I'd have thought for the many times I have delineated these differences you would have noticed. Nonetheless, I hope I have made the distinction(s) clear this time.
And OLEMAN RIVER was referring to Lysastrada, a myth I find quite intriguing. If memory serves me well the women gave in first! I have certainly known men who had performance anxieties and would look for ways to avoid sex... through the long legacy of history, when women were forced into bonds (thus only faithful to one man) and therefore had no basis for comparison (in lovemaking skills) insecure men were made far more secure than may be the case these days. (That comment is not aimed at you, John, it's generic.) So the Lysastrada model might actually allow some men a breather!
I think Lisa and Nancy are probably taking the "If Mohammad can't go to the mountain, let the mountain come to Mohammad" approach.
(No offense or disrespect intended, conservative Muslim readers; it's just an old expression.)
I expect that Massey et al will present them with custom-designed indoor tabletop "Zen Gardens", cleverly incorporating materials obtained from the annihilated mountain tops!
Nice people doing nice things.
· Yr Obd't Servant
Hey John Mitchell---
You wrote to Sioux:
"Women could probably put a quick stop to all wars by refusing to have sex with any man who participates in war."

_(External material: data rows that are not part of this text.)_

(* Let $P$ be a causal stable system on $\mathcal{L}_{2e+}^n$ that is very strictly passive, i.e., there exist $\nu,\rho>0$ such that $$\langle u,Pu\rangle\ge\nu\|u\|_2^2+\rho\|Pu\|_2^2\quad\forall u\in\mathcal{L}_{2+}.$$ Then $\theta(P)\le\arccos\big(2\sqrt{\nu\rho}\big)<\pi/2$.
   Context: For $n\ge1$, $\mathcal{L}_2^n$ is the set of measurable $u:\mathbb{R}\to\mathbb{R}^n$ with $\|u\|_2^2=\int|u(t)|^2dt<\infty$, inner product $\langle u,v\rangle=\int u(t)^Tv(t)\,dt$; $\mathcal{L}_{2+}=\{u\in\mathcal{L}_2:u(t)=0\ \text{for}\ t<0\}$. For $T\ge0$, $(\Gamma_Tu)(t)=u(t)$ for $t\le T$, $0$ for $t>T$; $\mathcal{L}_{2e+}=\{u:\Gamma_Tu\in\mathcal{L}_{2+}\ \forall T\ge0\}$. A system is an operator $P:\mathcal{L}_{2e+}\to\mathcal{L}_{2e+}$ with $P0=0$, $P\ne0$; causal if $\Gamma_TP=\Gamma_TP\Gamma_T$ for all $T\ge0$; a causal system is stable if $Pu\in\mathcal{L}_{2+}$ for all $u\in\mathcal{L}_{2+}$ and $\sup_{0\ne u\in\mathcal{L}_{2+}}\|Pu\|_2/\|u\|_2<\infty$. The singular angle $\theta(P)\in[0,\pi]$ is given by $\cos\theta(P)=\inf\{\langle u,Pu\rangle/(\|u\|_2\|Pu\|_2):0\neq u\in\mathcal{L}_{2+},\ Pu\ne0\}$. *)

From HB Require Import structures.
From mathcomp Require Import all_boot all_order all_algebra.
From mathcomp Require Import all_classical all_reals all_analysis.
Set Implicit Arguments. Unset Strict Implicit. Unset Printing Implicit Defensive.
Import Order.TTheory GRing.Theory Num.Theory.
Local Open Scope classical_set_scope.
Local Open Scope ring_scope.

Definition signal (R : realType) (n : nat) := R -> 'I_n -> R.

Definition sqnorm (R : realType) (n : nat) (x : 'I_n -> R) : R :=
  \sum_(i < n) x i ^+ 2.

Definition L2 (R : realType) (n : nat) (u : signal R n) : Prop :=
  (forall i : 'I_n, measurable_fun [set: R] (fun t => u t i)) /\
  (\int[@lebesgue_measure R]_(t in [set: R]) (sqnorm (u t))%:E < +oo)%E.

Definition L2p (R : realType) (n : nat) (u : signal R n) : Prop :=
  L2 u /\ (forall t, t < 0 -> u t = (fun _ => 0)).

Definition trunc (R : realType) (n : nat) (T : R) (u : signal R n) : signal R n :=
  fun t => if t <= T then u t else (fun _ => 0).

Definition L2ep (R : realType) (n : nat) (u : signal R n) : Prop :=
  forall T : R, 0 <= T -> L2p (trunc T u).

Definition inner (R : realType) (n : nat) (u v : signal R n) : R :=
  Rintegral (@lebesgue_measure R) [set: R] (fun t => \sum_(i < n) u t i * v t i).

Definition norm2 (R : realType) (n : nat) (u : signal R n) : R :=
  Num.sqrt (inner u u).

Definition zero_signal (R : realType) (n : nat) : signal R n := fun _ _ => 0.

Definition is_system (R : realType) (n : nat) (P : signal R n -> signal R n) : Prop :=
  (forall u, L2ep u -> L2ep (P u)) /\
  P (@zero_signal R n) = @zero_signal R n /\
  (exists u, L2ep u /\ P u <> @zero_signal R n).

Definition causal (R : realType) (n : nat) (P : signal R n -> signal R n) : Prop :=
  forall (T : R) (u : signal R n), 0 <= T -> L2ep u ->
    trunc T (P u) = trunc T (P (trunc T u)).

(* nonzero elements of L2 are those of nonzero norm (L2 is a space of classes) *)
Definition stable (R : realType) (n : nat) (P : signal R n -> signal R n) : Prop :=
  (forall u, L2p u -> L2p (P u)) /\
  (exists c : R, forall u, L2p u -> norm2 u != 0 -> norm2 (P u) / norm2 u <= c).

Definition singular_angle (R : realType) (n : nat) (P : signal R n -> signal R n) : R :=
  acos (inf [set r | exists u, [/\ L2p u, norm2 u != 0, norm2 (P u) != 0 &
                                   r = inner u (P u) / (norm2 u * norm2 (P u))]]).

(** Very strict passivity and the weighted AM-GM inequality give
    [<u, Pu> >= nu |u|^2 + rho |Pu|^2 >= 2 sqrt(nu rho) |u| |Pu|], so every cosine
    in the definition of the singular angle is at least [2 sqrt(nu rho)]; since
    [acos] is decreasing, [theta(P) <= acos (2 sqrt(nu rho))].  The set of cosines
    is nonempty: a nonzero input exists as [n > 0], and passivity forbids [Pu = 0].
    Cauchy-Schwarz for that input shows [2 sqrt(nu rho) <= 1], so the bound lies
    in [[0, pi/2)]. *)
From HB Require Import structures.
From mathcomp Require Import all_boot all_order all_algebra.
From mathcomp Require Import all_classical all_reals all_analysis.
From mathcomp Require Import measurable_realfun ring lra.
Set Implicit Arguments. Unset Strict Implicit. Unset Printing Implicit Defensive.
Import Order.TTheory GRing.Theory Num.Theory.
Local Open Scope ring_scope.

Section RealInequalities.
Variable R : realFieldType.

Lemma ler_norm_mul_sqr (x y : R) : `|x * y| <= x ^+ 2 + y ^+ 2.
Proof. by rewrite ler_norml; apply/andP; split; nra. Qed.

Lemma mul_le_amgm (t x y : R) : 0 < t ->
  x * y <= t / 2 * x ^+ 2 + (2 * t)^-1 * y ^+ 2.
Proof.
move=> t_gt0; rewrite -subr_ge0.
have -> : t / 2 * x ^+ 2 + (2 * t)^-1 * y ^+ 2 - x * y = (t * x - y) ^+ 2 / (2 * t).
  by field; rewrite gt_eqF.
by rewrite divr_ge0 ?sqr_ge0 ?mulr_ge0 ?ltW.
Qed.

Lemma le0_of_le_mul_pos (x c : R) : (forall t, 0 < t -> x <= c * t) -> x <= 0.
Proof.
move=> x_le; rewrite leNgt; apply/negP => x_gt0.
have c1_gt0 : 0 < `|c| + 1 by rewrite ltr_pwDr.
have t_gt0 : 0 < x / (2 * (`|c| + 1)) by rewrite divr_gt0 ?mulr_gt0.
have := x_le _ t_gt0; apply/negP; rewrite -ltNge.
apply: (le_lt_trans (ler_wpM2r (ltW t_gt0) (ler_norm c))).
rewrite -subr_gt0.
have -> : x - `|c| * (x / (2 * (`|c| + 1))) = x * (`|c| + 2) / (2 * (`|c| + 1)).
  by field; rewrite gt_eqF.
by rewrite divr_gt0 ?mulr_gt0 // ltr_wpDl.
Qed.

(** [t = b / a] is the optimal weight; if [a] (resp. [b]) vanishes,
    let [t] tend to [oo] (resp. [0]). *)
Lemma le_mul_of_amgm (x a b : R) : 0 <= a -> 0 <= b ->
  (forall t, 0 < t -> x <= t / 2 * a ^+ 2 + (2 * t)^-1 * b ^+ 2) -> x <= a * b.
Proof.
move=> a_ge0 b_ge0 amgm.
move: a_ge0; rewrite le_eqVlt => /predU1P[a0|a_gt0].
  subst a; rewrite mul0r; apply: (le0_of_le_mul_pos (c := b ^+ 2 / 2)) => t t_gt0.
  have := amgm t^-1; rewrite invr_gt0 => /(_ t_gt0); congr (_ <= _).
  by field; rewrite gt_eqF.
move: b_ge0; rewrite le_eqVlt => /predU1P[b0|b_gt0].
  subst b; rewrite mulr0; apply: (le0_of_le_mul_pos (c := a ^+ 2 / 2)) => t t_gt0.
  have := amgm _ t_gt0; congr (_ <= _).
  by rewrite expr0n mulr0 addr0; field.
have := amgm _ (divr_gt0 b_gt0 a_gt0); congr (_ <= _).
by field; rewrite !gt_eqF.
Qed.

End RealInequalities.

Lemma amgm_sqrt (R : rcfType) (nu rho a b : R) : 0 <= nu -> 0 <= rho ->
  2 * Num.sqrt (nu * rho) * (a * b) <= nu * a ^+ 2 + rho * b ^+ 2.
Proof.
move=> nu_ge0 rho_ge0; rewrite sqrtrM // -subr_ge0.
have -> : nu * a ^+ 2 + rho * b ^+ 2 - 2 * (Num.sqrt nu * Num.sqrt rho) * (a * b)
    = (Num.sqrt nu * a - Num.sqrt rho * b) ^+ 2.
  by rewrite sqrrB !exprMn !sqr_sqrtr //; ring.
exact: sqr_ge0.
Qed.

Section L2InnerProduct.
Variables (R : realType) (n : nat).
Local Notation mu := (@lebesgue_measure R).
Local Open Scope classical_set_scope.

Lemma sqnorm_ge0 (x : 'I_n -> R) : 0 <= sqnorm x.
Proof. by apply: sumr_ge0 => i _; exact: sqr_ge0. Qed.

Lemma integrable_sqnorm (u : signal R n) : L2 u ->
  mu.-integrable [set: R] (EFin \o (fun t => sqnorm (u t))).
Proof.
move=> [u_meas u_fin]; apply/integrableP; split.
  by apply/measurable_EFinP; apply: measurable_sum => i; exact: measurable_funX (u_meas i).
by under eq_integral => t _ do rewrite /= ger0_norm ?sqnorm_ge0 //.
Qed.

Lemma integrable_inner (u v : signal R n) : L2 u -> L2 v ->
  mu.-integrable [set: R] (EFin \o (fun t => \sum_(i < n) u t i * v t i)).
Proof.
move=> u_L2 v_L2.
apply: (le_integrable measurableT _ _
  (integrableD measurableT (integrable_sqnorm u_L2) (integrable_sqnorm v_L2))).
  apply/measurable_EFinP; apply: measurable_sum => i.
  exact: measurable_funM (u_L2.1 i) (v_L2.1 i).
move=> t _ /=; rewrite lee_fin (@ger0_norm _ (_ + _)) ?addr_ge0 ?sqnorm_ge0 //.
apply: le_trans (ler_norm_sum _ _ _) _.
by rewrite /sqnorm -big_split /=; apply: ler_sum => i _; exact: ler_norm_mul_sqr.
Qed.

Lemma inner_sqnorm (u : signal R n) :
  inner u u = Rintegral mu [set: R] (fun t => sqnorm (u t)).
Proof. by apply: eq_Rintegral => t _; apply: eq_bigr => i _; rewrite expr2. Qed.

Lemma inner_ge0 (u : signal R n) : 0 <= inner u u.
Proof. by rewrite inner_sqnorm; apply: Rintegral_ge0 => t _; exact: sqnorm_ge0. Qed.

Lemma sqr_norm2 (u : signal R n) : norm2 u ^+ 2 = inner u u.
Proof. by rewrite sqr_sqrtr // inner_ge0. Qed.

Lemma norm2_ge0 (u : signal R n) : 0 <= norm2 u.
Proof. exact: sqrtr_ge0. Qed.

Lemma norm2_gt0 (u : signal R n) : (0 < norm2 u) = (norm2 u != 0).
Proof. by rewrite lt_def norm2_ge0 andbT. Qed.

Lemma inner_le_amgm (u v : signal R n) (t : R) : L2 u -> L2 v -> 0 < t ->
  inner u v <= t / 2 * norm2 u ^+ 2 + (2 * t)^-1 * norm2 v ^+ 2.
Proof.
move=> u_L2 v_L2 t_gt0; rewrite !sqr_norm2 !inner_sqnorm.
have [Iu Iv] := (integrable_sqnorm u_L2, integrable_sqnorm v_L2).
rewrite -(RintegralZl _ _ Iu) // -(RintegralZl _ _ Iv) // -RintegralD //.
- apply: le_Rintegral => //; first exact: integrable_inner.
  + by apply: eq_integrable (integrableD measurableT
      (integrableZl measurableT _ Iu) (integrableZl measurableT _ Iv)).
  + move=> x _; rewrite /sqnorm !mulr_sumr -big_split /=.
    by apply: ler_sum => i _; exact: mul_le_amgm.
- by apply: eq_integrable (integrableZl measurableT _ Iu).
- by apply: eq_integrable (integrableZl measurableT _ Iv).
Qed.

Lemma inner_le_norm2 (u v : signal R n) : L2 u -> L2 v ->
  inner u v <= norm2 u * norm2 v.
Proof.
move=> u_L2 v_L2; apply: le_mul_of_amgm; rewrite ?norm2_ge0 // => t.
exact: inner_le_amgm.
Qed.

End L2InnerProduct.

Lemma exists_L2p_norm2_neq0 (R : realType) (n : nat) : (0 < n)%N ->
  exists u : signal R n, L2p u /\ norm2 u != 0.
Proof.
move=> n_gt0.
pose A : set R := `[0, 1]%classic.
pose u : signal R n := fun t _ => \1_A t.
have sqnorm_u t : sqnorm (u t) = n%:R * \1_A t.
  rewrite /sqnorm /u sumr_const card_ord mulr_natl indicE.
  by case: (t \in A); rewrite ?expr1n ?expr0n.
have IA := @integrable_indic_itv R 0 1 true false.
have Iu : (@lebesgue_measure R).-integrable [set: R] (EFin \o (fun t => sqnorm (u t))).
  by apply: eq_integrable (integrableZl measurableT n%:R IA) => // t _ /=; rewrite sqnorm_u.
have u_L2 : L2 u.
  split; first by move=> i; apply: measurable_indic; exact: measurable_itv.
  move/integrableP: Iu => [_].
  by under eq_integral => t _ do rewrite /= ger0_norm ?sqnorm_ge0 //.
exists u; split; first split => // t t_lt0.
  apply/funext => i; rewrite /u indicE.
  rewrite (_ : t \in A = false) //.
  by apply/negbTE/negP => /set_mem; rewrite /A /= in_itv /= leNgt t_lt0.
rewrite -norm2_gt0 sqrtr_gt0 inner_sqnorm.
under eq_Rintegral do rewrite sqnorm_u.
rewrite RintegralZl // /Rintegral integral_indic //; last exact: measurable_itv.
rewrite [fine _](_ : _ = 1) ?mulr1 ?ltr0n //.
rewrite setIT /A; apply: eq_trans (f_equal fine (lebesgue_measure_itv _)) _.
by rewrite /= lte_fin ltr01 /= subr0.
Qed.

Section AcosMonotone.
Variable R : realType.

Lemma acos_itv (x : R) : x \in `[-1, 1] -> acos x \in `[0, pi].
Proof. by rewrite !in_itv /= => x_in; rewrite acos_ge0 ?acos_lepi. Qed.

Lemma ltr_acos : {in `[-1, 1] &, {mono (@acos R) : x y /~ y < x}}.
Proof.
move=> x y x_in y_in.
by rewrite -[in RHS](acosK x_in) -[in RHS](acosK y_in) ltr_cos ?acos_itv.
Qed.

Lemma ler_acos : {in `[-1, 1] &, {mono (@acos R) : x y /~ y <= x}}.
Proof. by move=> x y x_in y_in; rewrite !leNgt ltr_acos. Qed.

End AcosMonotone.

Section SingularAngle.
Variables (R : realType) (n : nat) (P : signal R n -> signal R n).
Hypothesis P_L2p : forall u, L2p u -> L2p (P u).
Local Open Scope classical_set_scope.

Lemma inner_ratio_le1 (u : signal R n) : L2p u -> norm2 (P u) != 0 ->
  inner u (P u) / (norm2 u * norm2 (P u)) <= 1.
Proof.
move=> u_L2p Pu_neq0.
have [->|u_neq0] := eqVneq (norm2 u) 0; first by rewrite mul0r invr0 mulr0.
rewrite ler_pdivrMr ?mul1r ?mulr_gt0 ?norm2_gt0 //.
exact: inner_le_norm2 u_L2p.1 (P_L2p u_L2p).1.
Qed.

Lemma singular_angle_le_acos (c : R) (u0 : signal R n) :
  -1 <= c -> L2p u0 -> norm2 u0 != 0 -> norm2 (P u0) != 0 ->
  (forall u, L2p u -> norm2 u != 0 -> norm2 (P u) != 0 ->
     c <= inner u (P u) / (norm2 u * norm2 (P u))) ->
  singular_angle P <= acos c.
Proof.
move=> c_geN1 u0_L2p u0_neq0 Pu0_neq0 c_lb.
rewrite /singular_angle; set S := (X in acos (inf X)).
have S_u0 : S (inner u0 (P u0) / (norm2 u0 * norm2 (P u0))) by exists u0.
have c_le_inf : c <= inf S.
  by apply: lb_le_inf; [eexists; exact: S_u0 | move=> _ [u [? ? ? ->]]; exact: c_lb].
have inf_le1 : inf S <= 1.
  apply: le_trans (ge_inf _ S_u0) (inner_ratio_le1 u0_L2p Pu0_neq0).
  by exists c => _ [u [? ? ? ->]]; exact: c_lb.
by rewrite ler_acos // in_itv /= ?c_geN1 ?(le_trans c_geN1) ?(le_trans c_le_inf).
Qed.

End SingularAngle.

Section VeryStrictlyPassive.
Variables (R : realType) (n : nat) (P : signal R n -> signal R n) (nu rho : R).
Hypotheses (P_L2p : forall u, L2p u -> L2p (P u)) (nu_gt0 : 0 < nu) (rho_gt0 : 0 < rho).
Hypothesis P_vsp : forall u : signal R n, L2p u ->
  nu * norm2 u ^+ 2 + rho * norm2 (P u) ^+ 2 <= inner u (P u).

(** If [Pu = 0] then [<u, Pu> <= nu/2 |u|^2] (AM-GM with weight [nu]), contradicting passivity. *)
Lemma vsp_norm2_neq0 (u : signal R n) : L2p u -> norm2 u != 0 -> norm2 (P u) != 0.
Proof.
move=> u_L2p u_neq0; apply/eqP => Pu0.
have := le_trans (P_vsp u_L2p) (inner_le_amgm u_L2p.1 (P_L2p u_L2p).1 nu_gt0).
rewrite Pu0 expr0n /= !mulr0 !addr0.
have : 0 < norm2 u ^+ 2 by rewrite exprn_gt0 // norm2_gt0.
by move=> /ler_pM2r ->; rewrite ler_pdivlMr // ger_pMr //; apply/negP; rewrite -ltNge ltr1n.
Qed.

Lemma vsp_inner_ge (u : signal R n) : L2p u ->
  2 * Num.sqrt (nu * rho) * (norm2 u * norm2 (P u)) <= inner u (P u).
Proof. by move=> u_L2p; apply: le_trans (P_vsp u_L2p); rewrite amgm_sqrt ?ltW. Qed.

Lemma vsp_inner_ratio_ge (u : signal R n) : L2p u -> norm2 u != 0 -> norm2 (P u) != 0 ->
  2 * Num.sqrt (nu * rho) <= inner u (P u) / (norm2 u * norm2 (P u)).
Proof.
move=> u_L2p u_neq0 Pu_neq0.
by rewrite ler_pdivlMr ?mulr_gt0 ?norm2_gt0 //; exact: vsp_inner_ge.
Qed.

Lemma vsp_sqrt_le1 (u : signal R n) : L2p u -> norm2 u != 0 ->
  2 * Num.sqrt (nu * rho) <= 1.
Proof.
move=> u_L2p u_neq0; have Pu_neq0 := vsp_norm2_neq0 u_L2p u_neq0.
exact: le_trans (vsp_inner_ratio_ge u_L2p u_neq0 Pu_neq0)
  (inner_ratio_le1 P_L2p u_L2p Pu_neq0).
Qed.

End VeryStrictlyPassive.

Theorem proposition2 (R : realType) (n : nat) (hn : (0 < n)%N)
  (P : signal R n -> signal R n)
  (hsys : is_system P) (hcausal : causal P) (hstable : stable P)
  (nu rho : R) (hnu : 0 < nu) (hrho : 0 < rho)
  (hvsp : forall u : signal R n, L2p u ->
     nu * norm2 u ^+ 2 + rho * norm2 (P u) ^+ 2 <= inner u (P u)) :
  singular_angle P <= acos (2 * Num.sqrt (nu * rho)) /\
  acos (2 * Num.sqrt (nu * rho)) < pi / 2.
Proof.
have P_L2p := hstable.1.
have [u0 [u0_L2p u0_neq0]] := exists_L2p_norm2_neq0 R hn.
have c_gt0 : 0 < 2 * Num.sqrt (nu * rho) by rewrite mulr_gt0 ?sqrtr_gt0 ?mulr_gt0.
have c_le1 := vsp_sqrt_le1 P_L2p hnu hrho hvsp u0_L2p u0_neq0.
split.
  apply: (singular_angle_le_acos P_L2p _ u0_L2p u0_neq0).
  - by rewrite (le_trans _ (ltW c_gt0)) // lerN10.
  - exact: (vsp_norm2_neq0 P_L2p hnu hvsp u0_L2p u0_neq0).
  - by move=> u; exact: (vsp_inner_ratio_ge hnu hrho hvsp).
by rewrite -acos0 ltr_acos // in_itv /= ?c_le1 ?(le_trans _ (ltW c_gt0)) ?lerN10 ?ler01.
Qed.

Since you earlier so brilliantly quote Shakespeare, you must know there is an old Greek play on precisely that theme.
***
Meanwhile, Obedient Servant's remark, "I think Lisa and Nancy are probably taking the "If Mohammad can't go to the mountain, let the mountain come to Mohammad" approach," contains the seeds of direct action:
Why not a bucket brigade that dumps a mountain of coal sludge on the capitol steps? And another to poison the White House lawn...
-30-
You're referring to "Lysistrata" by Aristophanes, in which Lysistrata convinces the women of Athens and Sparta to withhold sex from their husbands until they sign a peace treaty.
My seeming erudition is mostly fake, though. I happened to stumble across the Shakespeare quote in a book of scientific quotations (of all places) shortly before reading this article. And after you mentioned the play, I learned about Lysistrata from an internet search :--)
The description of the play at http://www.sparknotes.com/drama/lysistrata/summary.html contains this funny part:
"Delegations from both states then meet at the Akropolis to discuss peace. At this point, all of the men have full erections."
I remember reading a news report some time ago about the wives and girlfriends of gang members in Columbia (as I recall) refusing to have sex with their men until they stopped fighting. The news report said that the amount of fighting dropped precipitously. I don't know if the peace lasted, though.